═══ Recorded information ═══
(* Let $R$ be a commutative ring such that for every $a\in R$, either $a$ or $1-a$ is a stable element. Then $R$ is locally stable.
   Context: All rings are commutative with identity. A ring $S$ has stable range 1 if whenever $a,b\in S$ with $aS+bS=S$ there is $y\in S$ with $a+by$ a unit. An element $a\in R$ is stable if the ring $R/aR$ has stable range 1. $R$ is locally stable if whenever $a,b\in R$ with $aR+bR=R$ there is $y\in R$ such that $a+by$ is stable. *)

From mathcomp Require Import all_boot all_algebra.
Set Implicit Arguments. Unset Strict Implicit. Unset Printing Implicit Defensive.
Import GRing.Theory.
Local Open Scope ring_scope.

Definition congr_mod (R : comPzRingType) (a x y : R) : Prop :=
  exists t : R, x - y = a * t.

Definition unit_mod (R : comPzRingType) (a x : R) : Prop :=
  exists w : R, congr_mod a (x * w) 1.

(* The ring R/aR has stable range 1, written out on representatives:
   whenever (x mod a)(R/aR) + (y mod a)(R/aR) = R/aR, i.e. x*u + y*v = 1
   mod aR for some u v, there is z with x + y*z a unit of R/aR.
   (Every element of R/aR is the class of some element of R.) *)
Definition quot_stable_range1 (R : comPzRingType) (a : R) : Prop :=
  forall x y : R,
    (exists u v : R, congr_mod a (x * u + y * v) 1) ->
    exists z : R, unit_mod a (x + y * z).

Definition stable_elt (R : comPzRingType) (a : R) : Prop := quot_stable_range1 a.

Definition locally_stable (R : comPzRingType) : Prop :=
  forall a b : R, (exists u v : R, a * u + b * v = 1) ->
    exists y : R, stable_elt (a + b * y).

From mathcomp Require Import all_boot all_algebra.
From mathcomp Require Import ring.

Set Implicit Arguments.
Unset Strict Implicit.
Unset Printing Implicit Defensive.

Import GRing.Theory.
Local Open Scope ring_scope.

(* R/aR is a quotient of R/asR, and stable range 1 passes to quotients.  Given
   a u + b v = 1, either a(u - 1) is stable, and then so is a, or
   1 - a(u - 1) = a + b v is stable. *)

Section CongruenceModPrincipal.

Variables (R : comPzRingType) (a : R).

Lemma congr_mod_refl (x : R) : congr_mod a x x.
Proof. by exists 0; rewrite subrr mulr0. Qed.

Lemma congr_mod_trans (x y z : R) :
  congr_mod a x y -> congr_mod a y z -> congr_mod a x z.
Proof.
move=> [s Hxy] [t Hyz]; exists (s + t).
by rewrite mulrDr -Hxy -Hyz addrA subrK.
Qed.

Lemma congr_mod_mulr (s x y : R) : congr_mod (a * s) x y -> congr_mod a x y.
Proof. by move=> [t Ht]; exists (s * t); rewrite Ht mulrA. Qed.

Lemma unit_mod_mulr (s x : R) : unit_mod (a * s) x -> unit_mod a x.
Proof. by move=> [w Hw]; exists w; exact: congr_mod_mulr Hw. Qed.

Lemma unit_mod_congr (x y : R) :
  congr_mod a x y -> unit_mod a y -> unit_mod a x.
Proof.
move=> [t Ht] [w Hw]; exists w; apply: congr_mod_trans Hw.
by exists (t * w); rewrite -mulrBl Ht mulrA.
Qed.

End CongruenceModPrincipal.

Lemma stable_elt_mulr (R : comPzRingType) (a s : R) :
  stable_elt (a * s) -> stable_elt a.
Proof.
move=> Hstab x y [u [v [t Ht]]].
(* [y v - a t] represents the class of [y v] mod a and completes [x u] to 1 exactly. *)
pose y' := y * v - a * t.
have Hy' : x * u + y' * 1 = 1.
  have -> : x * u + y' * 1 = (x * u + y * v - 1) - a * t + 1 by rewrite /y'; ring.
  by rewrite Ht subrr add0r.
have [|z Hz] := Hstab x y'.
  by exists u, 1; rewrite Hy'; exact: congr_mod_refl.
exists (v * z); apply: unit_mod_congr (unit_mod_mulr Hz).
by exists (t * z); rewrite /y'; ring.
Qed.

Theorem theorem2p9 (R : comPzRingType) :
  (forall a : R, stable_elt a \/ stable_elt (1 - a)) -> locally_stable R.
Proof.
move=> Hstab a b [u [v Huv]].
case: (Hstab (a * (u - 1))) => [Hs | Hs].
  by exists 0; rewrite mulr0 addr0; exact: stable_elt_mulr Hs.
exists v.
have -> : a + b * v = (a * u + b * v) - a * (u - 1) by ring.
by rewrite Huv.
Qed.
═══
Task statement:
All lines of the records containing "Prop" should be shown.

Output below:
Definition congr_mod (R : comPzRingType) (a x y : R) : Prop :=
Definition unit_mod (R : comPzRingType) (a x : R) : Prop :=
Definition quot_stable_range1 (R : comPzRingType) (a : R) : Prop :=
Definition stable_elt (R : comPzRingType) (a : R) : Prop := quot_stable_range1 a.
Definition locally_stable (R : comPzRingType) : Prop :=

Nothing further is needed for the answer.